This exercise asks for every line of the material that contains the word "pselect".

[Start of Attachment]

(* Fix $k\in\mathbb{Z}_{\ge0}$ and $m\in\mathbb{Z}_{\ge0}$, let $S\subseteq(m,m+1)$, and let $r$ be a strongly rigid $S$-semi-metric on $\Omega$. Then: (1) $\Lambda^k_m[r](x,y)\in(\lambda^k_{\mu_m},\,2\lambda^k_{\mu_m})$ for all distinct $x,y\in\Omega$; (2) $\Lambda^k_m[r]$ is a metric on $\Omega$ and $\Lambda^k_m[r]\in\mathrm{Met}(\Omega)$; (3) the metric $\Lambda^k_m[r]$ is strongly rigid.
   Context: Fix a bijection $Q\colon\mathbb{Z}_{\ge0}\to\mathbb{Q}_{\ge0}$ with property (M): setting $\mu_m=\min Q^{-1}([m,m+1)\cap\mathbb{Q})$, we have $Q(\mu_m)=m$ and $\mu_m<\mu_{m+1}$ for all $m\in\mathbb{Z}_{\ge0}$. For a summable sequence $\alpha=(a_i)$ of positive reals and $B\subseteq\mathbb{Q}_{\ge0}$, $\langle\alpha,B\rangle=\sum_{i:\,Q(i)\in B}a_i$ ($=0$ if $B=\emptyset$). For $k\in\mathbb{Z}_{\ge0}$ let $F_k(n)=2^n+k$ and $\lambda^k=(\lambda^k_i)_{i\ge0}$ with $\lambda^k_i=2^{-F_k(i)}$. $\Omega$ is a discrete space of cardinality $\mathfrak{c}$. For $S\subseteq[0,\infty)$, an $S$-semi-metric on a set $Y$ is a map $r\colon Y\times Y\to[0,\infty)$ with $r(x,y)=r(y,x)$, $r(x,y)=0$ iff $x=y$, and $r(x,y)\in S$ for $x\neq y$ (no triangle inequality assumed); it (or a metric) is strongly rigid if $r(x,y)=r(u,v)\neq0$ implies $\{x,y\}=\{u,v\}$. For $m\in\mathbb{Z}_{\ge0}$ and a semi-metric $r$ on $\Omega$ put $J(m,r(x,y))=[m,r(x,y))\cap\mathbb{Q}$ and $\Lambda^k_m[r](x,y)=\langle\lambda^k,J(m,r(x,y))\rangle$. $\mathrm{Met}(\Omega)$ is the set of metrics on $\Omega$ generating its (discrete) topology. *)

From HB Require Import structures.
From mathcomp Require Import all_boot all_order all_algebra.
From mathcomp Require Import all_classical all_reals all_analysis.
Set Implicit Arguments. Unset Strict Implicit. Unset Printing Implicit Defensive.
Import Order.TTheory GRing.Theory Num.Theory.
Local Open Scope classical_set_scope.
Local Open Scope ring_scope.

Definition enum_Qnonneg (Q : nat -> rat) : Prop :=
  injective Q /\ (forall q : rat, 0 <= q <-> exists i, Q i = q).

Definition is_mu (Q : nat -> rat) (mu : nat -> nat) : Prop :=
  forall m : nat,
    ((m%:R <= Q (mu m)) && (Q (mu m) < m.+1%:R)) /\
    (forall i : nat, (m%:R <= Q i) && (Q i < m.+1%:R) -> (mu m <= i)%N).

Definition propM (Q : nat -> rat) (mu : nat -> nat) : Prop :=
  forall m : nat, Q (mu m) = m%:R /\ (mu m < mu m.+1)%N.

Definition pairing {R : realType} (Q : nat -> rat) (a : nat -> R) (B : set rat) : R :=
  limn (fun n => \sum_(i < n | Q i \in B) a i).

Definition Fk (k n : nat) : nat := (2 ^ n + k)%N.
Definition lambda {R : realType} (k : nat) (i : nat) : R := 2 ^- Fk k i.

Definition J {R : realType} (m : nat) (t : R) : set rat :=
  [set q : rat | (m%:R <= q) && (ratr q < t)].

Definition Lambda {R : realType} {T : Type} (Q : nat -> rat) (k m : nat)
  (r : T -> T -> R) (x y : T) : R :=
  pairing Q (lambda k) (J m (r x y)).

Definition semi_metric {R : realType} {T : Type} (S : set R) (r : T -> T -> R) : Prop :=
  (forall x y, 0 <= r x y) /\
  (forall x y, r x y = r y x) /\
  (forall x y, r x y = 0 <-> x = y) /\
  (forall x y, x <> y -> S (r x y)).

Definition is_metric {R : realType} {T : Type} (d : T -> T -> R) : Prop :=
  (forall x y, 0 <= d x y) /\
  (forall x y, d x y = d y x) /\
  (forall x y, d x y = 0 <-> x = y) /\
  (forall x y z, d x z <= d x y + d y z).

Definition strongly_rigid {R : realType} {T : Type} (r : T -> T -> R) : Prop :=
  forall x y u v, r x y = r u v -> r x y <> 0 ->
    (x = u /\ y = v) \/ (x = v /\ y = u).

(* Met(Omega) for discrete Omega: metrics whose metric topology is discrete,
   i.e. every singleton is open (every point is isolated). *)
Definition Met {R : realType} (T : Type) (d : T -> T -> R) : Prop :=
  is_metric d /\
  (forall A : set T, forall x, A x ->
     exists2 e : R, 0 < e & forall y, d x y < e -> A y).

(* Every strictly positive distance of [r] lies in [(m, m+1)], so [J m (r x y)]
   always contains [m = Q (mu m)] and misses every rational below [m]; hence
   [Lambda] exceeds [lambda_(mu m)] and, the weights decaying
   faster than geometrically, is at most [5/3 lambda_(mu m)].  All positive
   distances thus lie in [(c, 2c)] with [c = lambda_(mu m)], which forces the
   triangle inequality and discreteness.  Moreover [t |-> <lambda, J m t>] is
   strictly increasing on [(m, oo)] by density of the rationals, so equal
   [Lambda]-distances come from equal [r]-distances and rigidity transfers. *)
From HB Require Import structures.
From mathcomp Require Import all_boot all_order all_algebra.
From mathcomp Require Import all_classical all_reals all_analysis.
From mathcomp Require Import zify lra.
Import Order.TTheory GRing.Theory Num.Theory.
Local Open Scope classical_set_scope.
Local Open Scope ring_scope.

Definition partial_pairing {R : realType} (Q : nat -> rat) (a : nat -> R)
    (B : set rat) (n : nat) :=
  \sum_(i < n | Q i \in B) a i.

Section RapidlyDecreasingWeights.
Context {R : realType} {Q : nat -> rat} {a : nat -> R}.
Hypothesis a_gt0 : forall i, 0 < a i.
Hypothesis a_halving : forall i, 2 * a i.+1 <= a i.
Hypothesis a_quartering : forall i, (0 < i)%N -> 4 * a i.+1 <= a i.

Lemma sum_tail_add_le s d : (0 < s)%N ->
  3 * \sum_(s <= i < s + d) a i + 4 * a (s + d) <= 4 * a s.
Proof.
move=> s_gt0; elim: d => [|d IH]; first by rewrite addn0 big_geq // mulr0 add0r.
rewrite addnS big_nat_recr /= ?leq_addr //.
have := @a_quartering (s + d) (ltn_addr d s_gt0); lra.
Qed.

Lemma sum_tail_le s n : (0 < s)%N -> 3 * \sum_(s <= i < n) a i <= 4 * a s.
Proof.
move=> s_gt0; have [n_le_s|s_lt_n] := leqP n s.
  by rewrite big_geq // mulr0 mulr_ge0 // ltW.
rewrite -(subnKC (ltnW s_lt_n)).
have := @sum_tail_add_le s (n - s) s_gt0; have := a_gt0 (s + (n - s)); lra.
Qed.

Lemma sum_from_le j n : 3 * \sum_(j <= i < n) a i <= 5 * a j.
Proof.
have [j_lt_n|n_le_j] := ltnP j n; last by rewrite big_geq // mulr0 mulr_ge0 // ltW.
rewrite big_ltn //; have := @sum_tail_le j.+1 n (ltn0Sn j); have := a_halving j; lra.
Qed.

Lemma partial_pairing_le_sum_from B j n : (forall i, Q i \in B -> (j <= i)%N) ->
  partial_pairing Q a B n <= \sum_(j <= i < n) a i.
Proof.
move=> B_ge_j; rewrite big_geq_mkord /partial_pairing !big_mkcond /= [leRHS]big_mkcond /=.
apply: ler_sum => i _; have [QiB|] := boolP (Q i \in B).
  by rewrite (B_ge_j _ QiB).
by case: ifP => // _ _; exact/ltW/a_gt0.
Qed.

Lemma partial_pairing_nondecreasing B : nondecreasing_seq (partial_pairing Q a B).
Proof.
apply/nondecreasing_seqP => n; rewrite /partial_pairing [leRHS]big_mkcond.
by rewrite big_ord_recr /= -big_mkcond lerDl; case: ifP => // _; exact/ltW/a_gt0.
Qed.

Lemma partial_pairing_cvg B : cvgn (partial_pairing Q a B).
Proof.
apply: nondecreasing_is_cvgn; first exact: partial_pairing_nondecreasing.
exists (5 * a 0 / 3) => _ [n _ <-].
have := @partial_pairing_le_sum_from B 0 n (fun i _ => leq0n i).
have := sum_from_le 0 n; lra.
Qed.

Lemma partial_pairing_le B n : partial_pairing Q a B n <= pairing Q a B.
Proof.
exact: nondecreasing_cvgn_le (partial_pairing_nondecreasing B) (partial_pairing_cvg B) n.
Qed.

Lemma pairing_le_ub B c : (forall n, partial_pairing Q a B n <= c) -> pairing Q a B <= c.
Proof. by move=> ub; apply: limr_le; [exact: partial_pairing_cvg|exact: nearW]. Qed.

Lemma pairing_eq0 B : (forall i, Q i \notin B) -> pairing Q a B = 0.
Proof.
move=> QB0; rewrite /pairing (_ : (fun n => _) = cst 0) ?lim_cst //.
by apply/funext => n; rewrite big_pred0 // => i; exact/negbTE.
Qed.

Lemma pairing_lt_twice B j : (forall i, Q i \in B -> (j <= i)%N) ->
  pairing Q a B < 2 * a j.
Proof.
move=> B_ge_j; apply: (@le_lt_trans _ _ (5 * a j / 3)); last by have := a_gt0 j; lra.
apply: pairing_le_ub => n; have := @partial_pairing_le_sum_from B j n B_ge_j.
have := sum_from_le j n; lra.
Qed.

Lemma partial_pairing_addpoint B1 B2 i n : (forall j, Q j \in B1 -> Q j \in B2) ->
  Q i \in B2 -> Q i \notin B1 -> (i < n)%N ->
  partial_pairing Q a B1 n + a i <= partial_pairing Q a B2 n.
Proof.
move=> B12 QiB2 QiB1 i_lt_n; rewrite /partial_pairing.
rewrite (bigID (fun j : 'I_n => Q j \in B1) (fun j : 'I_n => Q j \in B2)) /=.
apply: lerD.
  rewrite le_eqVlt; apply/orP; left; apply/eqP; apply: eq_bigl => j.
  by have [/B12 ->|] := boolP (Q j \in B1); rewrite ?andbF ?andbT.
rewrite (bigD1 (Ordinal i_lt_n)) /= ?QiB2 ?QiB1 // lerDl.
by apply: sumr_ge0 => j _; exact/ltW/a_gt0.
Qed.

Lemma pairing_addpoint B1 B2 i : (forall j, Q j \in B1 -> Q j \in B2) ->
  Q i \in B2 -> Q i \notin B1 -> pairing Q a B1 + a i <= pairing Q a B2.
Proof.
move=> B12 QiB2 QiB1; rewrite -lerBrDr; apply: pairing_le_ub => n.
pose N := maxn n i.+1.
have := partial_pairing_nondecreasing B1 n N (leq_maxl n i.+1).
have := @partial_pairing_addpoint B1 B2 i N B12 QiB2 QiB1 (leq_maxr _ _).
have := partial_pairing_le B2 N; lra.
Qed.

End RapidlyDecreasingWeights.

Section LambdaWeights.
Variables (R : realType) (k : nat).

Lemma lambda_gt0 i : 0 < lambda k i :> R.
Proof. by rewrite /lambda invr_gt0 exprn_gt0. Qed.

Lemma lambda_le_mul_pow i e : (Fk k i + e <= Fk k i.+1)%N ->
  2 ^+ e * lambda k i.+1 <= lambda k i :> R.
Proof.
move=> F_le; rewrite /lambda.
have -> : (2 : R) ^- Fk k i = 2 ^+ e * 2 ^- (Fk k i + e).
  by rewrite exprD invfM mulrCA mulfV ?mulr1 // expf_neq0.
rewrite ler_wpM2l ?exprn_ge0 // lef_pV2 ?posrE ?exprn_gt0 //.
by rewrite ler_eXn2l // ltr1n.
Qed.

Lemma lambda_halving i : 2 * lambda k i.+1 <= lambda k i :> R.
Proof.
apply: (@lambda_le_mul_pow i 1).
by rewrite /Fk expnS; have := expn_gt0 2 i; lia.
Qed.

Lemma lambda_quartering i : (0 < i)%N -> 4 * lambda k i.+1 <= lambda k i :> R.
Proof.
move=> i_gt0; have -> : 4 = 2 ^+ 2 :> R by rewrite expr2 -natrM.
apply: (@lambda_le_mul_pow i 2); rewrite /Fk expnS.
have : (1 < 2 ^ i)%N by rewrite -{1}(expn0 2) ltn_exp2l.
lia.
Qed.

End LambdaWeights.

Section IntervalPairing.
Variables (R : realType) (Q : nat -> rat) (mu : nat -> nat) (k m : nat).
Hypothesis HQ : enum_Qnonneg Q.
Hypothesis Hmu : is_mu Q mu.
Hypothesis HM : propM Q mu.
Local Notation lam := (@lambda R k).

Let lam_gt0 := @lambda_gt0 R k.
Let lam_halving := @lambda_halving R k.
Let lam_quartering := @lambda_quartering R k.

Lemma J_index_ge (t : R) i : t <= m.+1%:R -> Q i \in J m t -> (mu m <= i)%N.
Proof.
move=> t_le; rewrite in_setE /J /= => /andP[m_le_Qi Qi_lt_t].
apply: (proj2 (Hmu m)); rewrite m_le_Qi /=.
by rewrite -(ltr_rat R) ratr_nat (lt_le_trans Qi_lt_t t_le).
Qed.

Lemma exists_Q_between (x y : R) : 0 <= x -> x < y ->
  exists i, x < ratr (Q i) < y.
Proof.
move=> x_ge0 /rat_in_itvoo[q]; rewrite in_itv /= => /andP[x_lt_q q_lt_y].
have q_ge0 : 0 <= q by rewrite -(ler_rat R) rmorph0 (le_trans x_ge0) ?ltW.
have [i Qi] := (proj1 (proj2 HQ q)) q_ge0.
by exists i; rewrite Qi x_lt_q q_lt_y.
Qed.

Lemma pairing_J_eq0 (t : R) : t <= m%:R -> pairing Q lam (J m t) = 0.
Proof.
move=> t_le_m; apply: pairing_eq0 => i; apply/negP.
rewrite in_setE /J /= -(ler_rat R) ratr_nat => /andP[m_le_Qi Qi_lt_t].
by have := lt_le_trans (le_lt_trans m_le_Qi Qi_lt_t) t_le_m; rewrite ltxx.
Qed.

Lemma pairing_J_lt (t : R) : t <= m.+1%:R ->
  pairing Q lam (J m t) < 2 * lam (mu m).
Proof.
move=> t_le; apply: (pairing_lt_twice lam_gt0 lam_halving lam_quartering).
by move=> i; apply: J_index_ge.
Qed.

Lemma pairing_J_gt (t : R) : m%:R < t -> lam (mu m) < pairing Q lam (J m t).
Proof.
move=> m_lt_t.
have [i /andP[m_lt_Qi Qi_lt_t]] := @exists_Q_between m%:R t (ler0n _ m) m_lt_t.
have Qi_neq_m : Q i != m%:R by apply: contraTneq m_lt_Qi => ->; rewrite ratr_nat ltxx.
have m_in_J : forall j, Q j \in [set m%:R] -> Q j \in J m t.
  by move=> j; rewrite !in_setE /J /= => ->; rewrite lexx ratr_nat m_lt_t.
have lam_mu_le : 0 + lam (mu m) <= pairing Q lam [set m%:R].
  rewrite -(@pairing_eq0 _ Q lam set0) => [|j]; last by rewrite in_set0.
  apply: pairing_addpoint => // [j||]; rewrite ?in_set0 //.
  by rewrite in_setE /= (proj1 (HM m)).
have : pairing Q lam [set m%:R] + lam i <= pairing Q lam (J m t).
  apply: pairing_addpoint => //; last by apply/negP; rewrite in_setE; exact/eqP.
  by rewrite in_setE /J /= -(ler_rat R) ratr_nat Qi_lt_t (ltW m_lt_Qi).
have := lam_gt0 i; lra.
Qed.

Lemma pairing_J_homo_lt :
  {in `]m%:R : R, +oo[ &, {homo (fun t => pairing Q lam (J m t)) : s t / s < t}}.
Proof.
move=> t1 t2; rewrite !in_itv /= !andbT => m_lt_t1 _ t1_lt_t2.
have t1_ge0 : 0 <= t1 by rewrite (le_trans (ler0n _ m)) ?ltW.
have [i /andP[t1_lt_Qi Qi_lt_t2]] := @exists_Q_between t1 t2 t1_ge0 t1_lt_t2.
have : pairing Q lam (J m t1) + lam i <= pairing Q lam (J m t2).
  apply: pairing_addpoint => //.
  - move=> j; rewrite !in_setE /J /= => /andP[-> Qj_lt_t1].
    exact: lt_trans t1_lt_t2.
  - rewrite in_setE /J /= Qi_lt_t2 andbT -(ler_rat R) ratr_nat.
    by rewrite ltW // (lt_trans m_lt_t1).
  - by apply/negP; rewrite in_setE /J /= => /andP[_]; rewrite ltNge ltW.
have := lam_gt0 i; lra.
Qed.

End IntervalPairing.

Section DiscreteMetrics.
Context {R : realType} {T : Type}.

(* Any two positive distances in [(c, 2c)] add up to more than a third one. *)
Lemma metric_Met_of_dist_itv (d : T -> T -> R) (c : R) : 0 < c ->
  (forall x y, d x y = d y x) -> (forall x, d x x = 0) ->
  (forall x y, x <> y -> c < d x y < 2 * c) -> is_metric d /\ Met d.
Proof.
move=> c_gt0 d_sym d_xx d_itv.
have d_gt_c x y : x <> y -> c < d x y by move=> /d_itv /andP[].
have d_ge0 x y : 0 <= d x y.
  by have [->|/d_gt_c] := pselect (x = y); [rewrite d_xx | move=> ?; lra].
have d_eq0 x y : d x y = 0 <-> x = y.
  split=> [dxy0|->//]; apply: contrapT => /d_gt_c; rewrite dxy0; lra.
have d_metric : is_metric d.
  split=> //; split=> //; split=> // x y z.
  have [->|xy] := pselect (x = y); first by rewrite d_xx add0r.
  have [->|yz] := pselect (y = z); first by rewrite d_xx addr0.
  have [->|xz] := pselect (x = z); first by rewrite d_xx addr_ge0.
  have /andP[_] := d_itv _ _ xz; have := d_gt_c _ _ xy; have := d_gt_c _ _ yz; lra.
split=> //; split=> // A x Ax.
exists c => // y dxy_lt_c; have [<-//|/d_gt_c] := pselect (x = y); lra.
Qed.

Lemma strongly_rigid_comp (D : {pred R}) (f : R -> R) (r : T -> T -> R) :
  {in D &, injective f} -> (forall x y, x <> y -> r x y \in D) ->
  (forall x, f (r x x) = 0) -> (forall x y, r x y = 0 -> x = y) ->
  strongly_rigid r -> strongly_rigid (fun x y => f (r x y)).
Proof.
move=> f_inj r_in_D f_rxx0 r_eq0 r_rigid x y u v frxy_eq frxy_neq0.
have neq_of_f_neq0 s t : f (r s t) <> 0 -> s <> t by move=> + st; rewrite st f_rxx0.
have xy := neq_of_f_neq0 _ _ frxy_neq0.
have uv : u <> v by apply: neq_of_f_neq0; rewrite -frxy_eq.
apply: r_rigid; first exact: f_inj (r_in_D _ _ xy) (r_in_D _ _ uv) frxy_eq.
by move=> /r_eq0.
Qed.

End DiscreteMetrics.

Theorem lemma4p9 (R : realType) (Q : nat -> rat) (mu : nat -> nat)
  (HQ : enum_Qnonneg Q) (Hmu : is_mu Q mu) (HM : propM Q mu)
  (Omega : Type) (HOmega : ([set: Omega] #= [set: R])%card)
  (k m : nat) (S : set R) (HS : S `<=` `]m%:R, m.+1%:R[)
  (r : Omega -> Omega -> R) (Hr : semi_metric S r) (Hrig : strongly_rigid r) :
  (forall x y : Omega, x <> y ->
     lambda k (mu m) < Lambda Q k m r x y < 2 * lambda k (mu m)) /\
  (is_metric (Lambda Q k m r) /\ Met (Lambda Q k m r)) /\
  strongly_rigid (Lambda Q k m r).
Proof.
have [_ [r_sym [r_eq0 r_in_S]]] := Hr.
have r_itv x y : x <> y -> r x y \in `]m%:R, m.+1%:R[ by move=> /r_in_S /HS.
have Lambda_itv x y : x <> y ->
    lambda k (mu m) < Lambda Q k m r x y < 2 * lambda k (mu m).
  move=> /r_itv; rewrite in_itv /= => /andP[m_lt_r r_lt_m1].
  by rewrite pairing_J_gt // pairing_J_lt // ltW.
have Lambda_xx x : Lambda Q k m r x x = 0.
  by rewrite /Lambda (proj2 (r_eq0 x x) erefl) pairing_J_eq0.
split=> //; split.
  apply: metric_Met_of_dist_itv (lambda_gt0 R k (mu m)) _ Lambda_xx Lambda_itv.
  by move=> x y; rewrite /Lambda r_sym.
have pairing_J_inj := inc_inj_in (le_mono_in (@pairing_J_homo_lt R Q k m HQ)).
apply: (@strongly_rigid_comp _ _ _ _ r pairing_J_inj) => // [x y xy|x y /r_eq0 //].
by have := r_itv x y xy; rewrite !in_itv /= => /andP[-> _].
Qed.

[End of Attachment]

__Answer section__.
  by have [->|/d_gt_c] := pselect (x = y); [rewrite d_xx | move=> ?; lra].
  have [->|xy] := pselect (x = y); first by rewrite d_xx add0r.
  have [->|yz] := pselect (y = z); first by rewrite d_xx addr0.
  have [->|xz] := pselect (x = z); first by rewrite d_xx addr_ge0.
exists c => // y dxy_lt_c; have [<-//|/d_gt_c] := pselect (x = y); lra.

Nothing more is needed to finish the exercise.